12/11/2020 admin

Covid-19, confinement en chambre en EHPAD et dénutrition

Ce jour débute la première semaine nationale de lutte contre la dénutrition. La dénutrition touche 2 millions de personnes en France, il s’agit d’un enjeu de santé publique.

Ce sujet prend une coloration particulière à la lueur de la pandémie mondiale que nous traversons… Si le COVID-19 n’est pas directement responsable de dénutrition, ses conséquences et surtout les méthodes de lutte contre la propagation du virus ont des impacts terribles sur la qualité nutritionnelle.

J’avais déjà effleuré ces impacts lors du premier confinement, en écoutant les témoignages des équipes soignantes d’EHPAD qui avaient dû confiner en chambre leurs résidents : outre la désorientation temporo-spatiale due au changement de rythme des repas, elles avaient noté davantage de fausses routes et des pertes d’appétit.

Les études menées, et notamment celle-ci (https://www.ehpapresse.fr/actualite/le-confinement-une-arme-a-double-tranchant/ ) expliquent que la dénutrition et la déshydratation ont été davantage meurtrières que le Covid en lui-même.

 

Comment expliquer ce fait, alors que les résidents d’EHPAD sont encadrés par des professionnels formés, et sont censés disposer de l’assurance d’une nutrition correcte ?

Je suis passée de la théorie à la pratique lors de mes journées de formation aux troubles de déglutition de la personne âgée, en EHPAD…

J’ai été confrontée aux limites des soignantes, aux limites des moyens institutionnels et à mes propres limites.

En effet, comme lors de chaque formation à la dysphagie neurogériatrique, j’arrive avec mes beaux principes, mes belles explications, mes beaux schémas, mes belles mises en situation (ah, le doux moment où je demande aux stagiaires de se donner mutuellement à manger, avec des consignes cachées de vitesse, de malpositions…)…

Et comme à chaque formation, nous avons un atelier de réflexion collective autour de leurs pratiques et des améliorations possibles pour une prévention des fausses routes efficaces.

Et bien, je me suis sentie dépassée lors de ces formations en temps de COVID…

J’ai été confrontée à une détresse des équipes, une impuissance, voire une culpabilité.

Comment préserver les capacités masticatrices et l’autonomie quand tous les résidents mangent en chambre sans pourvoir être supervisés par les soignants , trop peu nombreux déjà en temps normal ? Le recours à l’alimentation mixée est hâtif, avec tout l’enchaînement que cela comporte : nourriture moins appétente, perte d’appétit, fonte musculaire, dénutrition…

Comment maintenir un poids correct quand les seuls plateaux disponibles sont ceux du petits déjeuner, et imposent des contenants plus petits et d’enlever l’entrée, limitant les quantité de nourriture ?

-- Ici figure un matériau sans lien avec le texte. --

(* Let $I$ be a closed ideal of $A^+$ and let $f\in A^+$ with $f|_\Gamma\in I^A$. Then the division ideal $I(f)=\{g\in A^+: fg\in I\}$ is weak-$*$ closed in $A^+$.
   Context: $\Gamma$ is the unit circle, $A(\Gamma)$ the algebra of continuous functions on $\Gamma$ with absolutely convergent Fourier series, $A^+=\{f\in A(\Gamma):\hat f(n)=0\ (n<0)\}$. $I^A$ is the closed ideal of $A(\Gamma)$ generated by $I$. The weak-$*$ topology on $A^+$ is obtained by identifying $A^+$ via $f\mapsto(\hat f(n))_{n\ge0}$ with $\ell^1(\mathbb N)$, the dual of $c_0(\mathbb N)$. *)

From Stdlib Require Import Reals ZArith List.
From Coquelicot Require Import Coquelicot.
Open Scope R_scope.

(* Elements of A(Gamma) are represented by their Fourier coefficient
   sequences  a : Z -> C  (a n = \hat f (n)).  Under this identification
   A(Gamma) is l^1(Z) with convolution product and norm sum |a n|. *)
Definition seqZ := Z -> C.

Definition sumZR (u : Z -> R) : R :=
  Series (fun n => u (Z.of_nat n)) + Series (fun n => u (- Z.of_nat (S n))%Z).

Definition sumZ (a : seqZ) : C :=
  (sumZR (fun n => fst (a n)), sumZR (fun n => snd (a n))).

Definition inA (a : seqZ) : Prop :=
  ex_series (fun n => Cmod (a (Z.of_nat n))) /\
  ex_series (fun n => Cmod (a (- Z.of_nat (S n))%Z)).

Definition inAplus (a : seqZ) : Prop :=
  inA a /\ forall n : Z, (n < 0)%Z -> a n = 0%C.

Definition normA (a : seqZ) : R := sumZR (fun n => Cmod (a n)).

Comment garder le lien social, le plaisir de manger et finalement l’envie de vivre quand son quotidien se résume à 4 murs ? Les soignantes étaient terrifiées de constater le nombre de syndrome de glissements chez leurs résidents, et leurs refus toujours plus nombreux de s’alimenter.

Entendons-nous bien : je n’accuse personne, la situation étant bien trop exceptionnelle pour juger quoi que ce soit, aucune décision n’est sans impact. Je relate ici les expériences récentes relevées ici et là.

Je viens juste porter la parole de ces soignantes qui préféreraient animer une salle à manger collective plutôt que de choisir quel résident aider pour son repas. Je viens porter celle de résidents qui préféreraient prendre une quinte de toux pour avoir ri à une blague de leur voisin de table plutôt qu’une quinte de toux due à une alimentation mixée trop sèche et collante en bouche. Je viens porter la voix des familles qui constatent jour après jour, quand ils le peuvent, la dégradation de l’état de leur proche.

Tristement, ce terrible épisode que nous vivons, qui nous conduit à nous isoler physiquement les uns des autres, montre toute l’importance de l’Alimentation, avec un grand A.

S’Alimenter, ce n’est pas simplement se nourrir. Ou bien, si mais c’est se nourrir de contacts, de joies, de découvertes, de dégoûts, de sensations… Les aliments ne sont que les messagers.